Obraz artykułu Nikt o to nie prosił, czyli Woodstock 50

Nikt o to nie prosił, czyli Woodstock 50

Festiwal Woodstock '69 był ważnym punktem w historii popkultury - to tutaj umierał ruch hippisowski, a rodziła się nowoczesna kultura festiwalowa. Na Woodstocku w swojej najdojrzalszej formie objawił się też nowoczesny kult gwiazd rocka i popu - cenę za ten kult płacimy do dzisiaj.
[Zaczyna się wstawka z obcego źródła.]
(* If a polynomial dynamical system $\frac{d\mathbf{x}}{dt}=f(\mathbf{x})$ on $\mathbb{R}^d_{\ge 0}$ is weakly reversible, then it is generated by a weakly reversible reaction network whose set of source nodes is the set of exponent vectors of the monomials of $f$.
   Context: A reaction network (E-graph) $\mathcal{G}=(\mathcal{V},\mathcal{E})$ is a finite directed graph whose nodes are distinct elements of a finite set $Y\subset\mathbb{R}^d_{\ge 0}$, with $\mathcal{V}\neq\emptyset$, every node incident to at least one edge, and no edge from a node to itself. For an edge $e$, $\mathbf{s}(e)$ is its source node, $\mathbf{t}(e)$ its target, $\mathbf{v}(e)=\mathbf{t}(e)-\mathbf{s}(e)$. Given positive rate constants $(k_e)$, $\mathcal{G}$ generates the system $\frac{d\mathbf{x}}{dt}=\sum_{e}k_e\mathbf{x}^{\mathbf{s}(e)}\mathbf{v}(e)$ ($\mathbf{x}^{\mathbf{y}}=\prod_i x_i^{y_i}$, $0^0=1$). $\mathcal{G}$ is weakly reversible if every edge lies in a directed cycle. A polynomial dynamical system is weakly reversible if it is generated, for some positive rate constants, by some weakly reversible network. The monomials of $f$ are those $\mathbf{x}^{\mathbf{y}}$ appearing in $f$ with nonzero (vector) coefficient. *)

From HB Require Import structures.
From mathcomp Require Import all_boot all_order all_algebra.
From mathcomp Require Import finmap.
From mathcomp Require Import reals exp.
Set Implicit Arguments. Unset Strict Implicit. Unset Printing Implicit Defensive.
Import Order.TTheory GRing.Theory Num.Theory.
Local Open Scope ring_scope.
Local Open Scope fset_scope.

Section Defs.
Variables (R : realType) (d : nat).

Notation vec := 'rV[R]_d.

Definition nonneg_vec (x : vec) : bool := [forall i, 0 <= x 0 i].

(* generalized monomial x^y = prod_i x_i^{y_i}, with 0^0 = 1 (powR) *)
Definition monom (x y : vec) : R := \prod_(i < d) powR (x 0 i) (y 0 i).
Popkulturowi rewizjoniści słusznie wskazują na to, że Woodstock '69 w rzeczywistości nie był wielkim wydarzeniem muzycznym (zarówno pod względem line-upu, jakości wykonań, jak i logistyki i jakości organizacji), ale mit jest silniejszy niż rzeczywistość i w sekularnych realiach ludzie naturalnie lgną do dobrze podkolorowanych bajek.

 

Ciężko stwierdzić, na ile ten mit jest w stanie przyciągnąć millenialsów rozpieszczonych Coachellą, rozbuchanymi wizualnie festiwalami muzyki EDM czy skomercjalizowanym ekstremizmem Burning Mana. A jednak, Michael Lang przy finansowym i marketingowym wsparciu babilońskiej bestii w postaci Dentsu Aegis Network, postanowił zorganizować huczne obchody półwiecza Woodstocku. Ostatecznie mogliśmy obserwować serię zagadkowych decyzji i sporych problemów, której finisz to kompletne zamieszanie (stan na 2 maja). Woodstock 50 prawdopodobnie się nie odbędzie, a jeśli jednak Lang i spółka dopną swego, być może czeka nas Fyre Festival 2. Co się wydarzyło?
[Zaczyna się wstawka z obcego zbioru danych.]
(* In the algebra $\mathcal O_q$ defined in the context, for all $n\in\mathbb N$: $$\mathcal W_{-n}=-(q-q^{-1})^{-1}\sum_{k=0}^n\sum_{\ell=0}^k\binom{k}{\ell}q^{2\ell-k}[2]_q^{-k-2}\tilde{\mathcal G}_{n-k}B_{(k-2\ell)\delta+\alpha_0},$$ $$\mathcal W_{n+1}=-(q-q^{-1})^{-1}\sum_{k=0}^n\sum_{\ell=0}^k\binom{k}{\ell}q^{k-2\ell}[2]_q^{-k-2}\tilde{\mathcal G}_{n-k}B_{(k-2\ell)\delta+\alpha_1}.$$
   Context: All algebras are associative and unital over a field $\mathbb F$; $q\in\mathbb F$ is nonzero and not a root of unity; $[n]_q=(q^n-q^{-n})/(q-q^{-1})$. For elements $X,Y$ of an algebra, $[X,Y]=XY-YX$ and $[X,Y]_q=qXY-q^{-1}YX$. Let $\rho=-(q^2-q^{-2})^2$. The algebra $\mathcal O_q$ is defined by generators $\mathcal W_{-k},\mathcal W_{k+1},\mathcal G_{k+1},\tilde{\mathcal G}_{k+1}$ ($k\in\mathbb N$) and the following relations for all $k,\ell\in\mathbb N$: $[\mathcal W_0,\mathcal W_{k+1}]=[\mathcal W_{-k},\mathcal W_1]=(\tilde{\mathcal G}_{k+1}-\mathcal G_{k+1})/(q+q^{-1})$; $[\mathcal W_0,\mathcal G_{k+1}]_q=[\tilde{\mathcal G}_{k+1},\mathcal W_0]_q=\rho\mathcal W_{-k-1}-\rho\mathcal W_{k+1}$; $[\mathcal G_{k+1},\mathcal W_1]_q=[\mathcal W_1,\tilde{\mathcal G}_{k+1}]_q=\rho\mathcal W_{k+2}-\rho\mathcal W_{-k}$; $[\mathcal W_{-k},\mathcal W_{-\ell}]=0$, $[\mathcal W_{k+1},\mathcal W_{\ell+1}]=0$; $[\mathcal W_{-k},\mathcal W_{\ell+1}]+[\mathcal W_{k+1},\mathcal W_{-\ell}]=0$; $[\mathcal W_{-k},\mathcal G_{\ell+1}]+[\mathcal G_{k+1},\mathcal W_{-\ell}]=0$; $[\mathcal W_{-k},\tilde{\mathcal G}_{\ell+1}]+[\tilde{\mathcal G}_{k+1},\mathcal W_{-\ell}]=0$; $[\mathcal W_{k+1},\mathcal G_{\ell+1}]+[\mathcal G_{k+1},\mathcal W_{\ell+1}]=0$; $[\mathcal W_{k+1},\tilde{\mathcal G}_{\ell+1}]+[\tilde{\mathcal G}_{k+1},\mathcal W_{\ell+1}]=0$; $[\mathcal G_{k+1},\mathcal G_{\ell+1}]=0$, $[\tilde{\mathcal G}_{k+1},\tilde{\mathcal G}_{\ell+1}]=0$; $[\tilde{\mathcal G}_{k+1},\mathcal G_{\ell+1}]+[\mathcal G_{k+1},\tilde{\mathcal G}_{\ell+1}]=0$. Convention: $\tilde{\mathcal G}_0=-(q-q^{-1})[2]_q^2$. Define $B_\delta=q^{-2}\mathcal W_1\mathcal W_0-\mathcal W_0\mathcal W_1$; $B_{\alpha_0}=\mathcal W_0$, $B_{\delta+\alpha_0}=\mathcal W_1+\frac{q[B_\delta,\mathcal W_0]}{(q-q^{-1})(q^2-q^{-2})}$, $B_{n\delta+\alpha_0}=B_{(n-2)\delta+\alpha_0}+\frac{q[B_\delta,B_{(n-1)\delta+\alpha_0}]}{(q-q^{-1})(q^2-q^{-2})}$ for $n\ge2$; $B_{\alpha_1}=\mathcal W_1$, $B_{\delta+\alpha_1}=\mathcal W_0-\frac{q[B_\delta,\mathcal W_1]}{(q-q^{-1})(q^2-q^{-2})}$, $B_{n\delta+\alpha_1}=B_{(n-2)\delta+\alpha_1}-\frac{q[B_\delta,B_{(n-1)\delta+\alpha_1}]}{(q-q^{-1})(q^2-q^{-2})}$ for $n\ge2$. For negative integers $k$, set $B_{k\delta+\alpha_0}=B_{(-k-1)\delta+\alpha_1}$ and $B_{k\delta+\alpha_1}=B_{(-k-1)\delta+\alpha_0}$. *)

From HB Require Import structures.
From mathcomp Require Import all_boot all_order all_algebra.
Set Implicit Arguments. Unset Strict Implicit. Unset Printing Implicit Defensive.
Import Order.TTheory GRing.Theory Num.Theory.
Local Open Scope ring_scope.

Section OqDefs.
Variables (F : fieldType) (A : algType F) (q : F).

Definition qint (n : nat) : F := (q ^+ n - q ^- n) / (q - q^-1).

Definition comm (X Y : A) : A := X * Y - Y * X.
Definition qcomm (X Y : A) : A := q *: (X * Y) - q^-1 *: (Y * X).

Definition rho : F := - (q ^+ 2 - q ^- 2) ^+ 2.

(* Encoding of the generators:
   Wm k = W_{-k},  Wp k = W_{k+1},  G k = G_{k+1},  Gt k = tilde G_{k+1}  (k : nat) *)
Definition Oq_relations (Wm Wp G Gt : nat -> A) : Prop :=
  (forall k, comm (Wm 0%N) (Wp k) = (q + q^-1)^-1 *: (Gt k - G k)
              /\ comm (Wm k) (Wp 0%N) = (q + q^-1)^-1 *: (Gt k - G k)) /\
      (forall k, qcomm (Wm 0%N) (G k) = rho *: (Wm k.+1 - Wp k)
              /\ qcomm (Gt k) (Wm 0%N) = rho *: (Wm k.+1 - Wp k)) /\
      (forall k, qcomm (G k) (Wp 0%N) = rho *: (Wp k.+1 - Wm k)
              /\ qcomm (Wp 0%N) (Gt k) = rho *: (Wp k.+1 - Wm k)) /\
      (forall k l, comm (Wm k) (Wm l) = 0 /\ comm (Wp k) (Wp l) = 0) /\
      (forall k l, comm (Wm k) (Wp l) + comm (Wp k) (Wm l) = 0) /\
      (forall k l, [/\ comm (Wm k) (G l) + comm (G k) (Wm l) = 0,
                      comm (Wm k) (Gt l) + comm (Gt k) (Wm l) = 0,
                      comm (Wp k) (G l) + comm (G k) (Wp l) = 0 &
                      comm (Wp k) (Gt l) + comm (Gt k) (Wp l) = 0]) /\
      (forall k l, comm (G k) (G l) = 0 /\ comm (Gt k) (Gt l) = 0) /\
      (forall k l, comm (Gt k) (G l) + comm (G k) (Gt l) = 0).

Definition Gtilde (Gt : nat -> A) (n : nat) : A :=
  match n with
  | 0%N => (- (q - q^-1) * qint 2 ^+ 2)%:A
  | m.+1 => Gt m
  end.

(* second-order recursion: s 0 = x0, s 1 = x1, s (n+2) = f (s n) (s (n+1)) *)
Fixpoint rec2 (x0 x1 : A) (f : A -> A -> A) (n : nat) : A * A :=
  match n with
  | 0%N => (x0, x1)
  | m.+1 => let p := rec2 x0 x1 f m in (p.2, f p.1 p.2)
  end.

Section PBW.
Variables (W0 W1 : A).
Definition Bdelta : A := q ^- 2 *: (W1 * W0) - W0 * W1.
Definition cB : F := q / ((q - q^-1) * (q ^+ 2 - q ^- 2)).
Tłum na Woodstocku, na środku rusztowanie, a na nim siedzą ludzie.

Zacznijmy od lokacji - organizatorom nie udało się uzyskać zgody na festiwal w miejscu legendarnego poprzednika. Czyli odpada pierwszy potencjalny magnes na publiczność. Co więcej, organizatorzy cały czas mówili o ponad stu tysiącach uczestników i uczestniczek, chociaż z dokumentów wynika, że starali się o pozwolenie na siedemdziesiąt pięć tysięcy... Którego zresztą nie uzyskali. Brak najróżniejszych uprawnień i koncesji wstrzymywał start sprzedaży biletów i wieszczył katastrofę w rodzaju Fyre. Kolejna rzecz to line-up, którego celem było połączenie starego z nowym, nostalgii z FOMO. I na tym polu nie było się czym chwalić - mimo Black Keys, Jay'a-Z i Imagine Dragons z jednej strony, Santany i Roberta Planta z drugiej, patrząc na plakat Woodstock 50 ciężko było wykrzesać w sobie entuzjazm. Z czasem kolejne gwiazdy zaczęły odwoływać swoje występy, a ostatecznie Dentsu Aegis Network ogłosiło, że Woodstock 50 jest anulowany ze względu na produkcyjne niedostatki. Spekuluje się, że firma utopiła jakieś trzydzieści milionów dolarów - w tym już częściowo opłacone gaże artystyczne. Z kolei Michael Lang wciąż twierdzi, że Woodstock 50 się odbędzie i obiecuje wyjątkowe doświadczenie, godne swojego kultowego statusu i miejsca w amerykańskiej historii i kulturze (bleh). W najbliższych tygodniach ma ogłosić niesamowitą listę osiemdziesięciu wykonawców, mimo że koncertowy gigant Live Nation odmówił propozycji uratowania festiwalu po wycofaniu się Dentsu Aegis Network.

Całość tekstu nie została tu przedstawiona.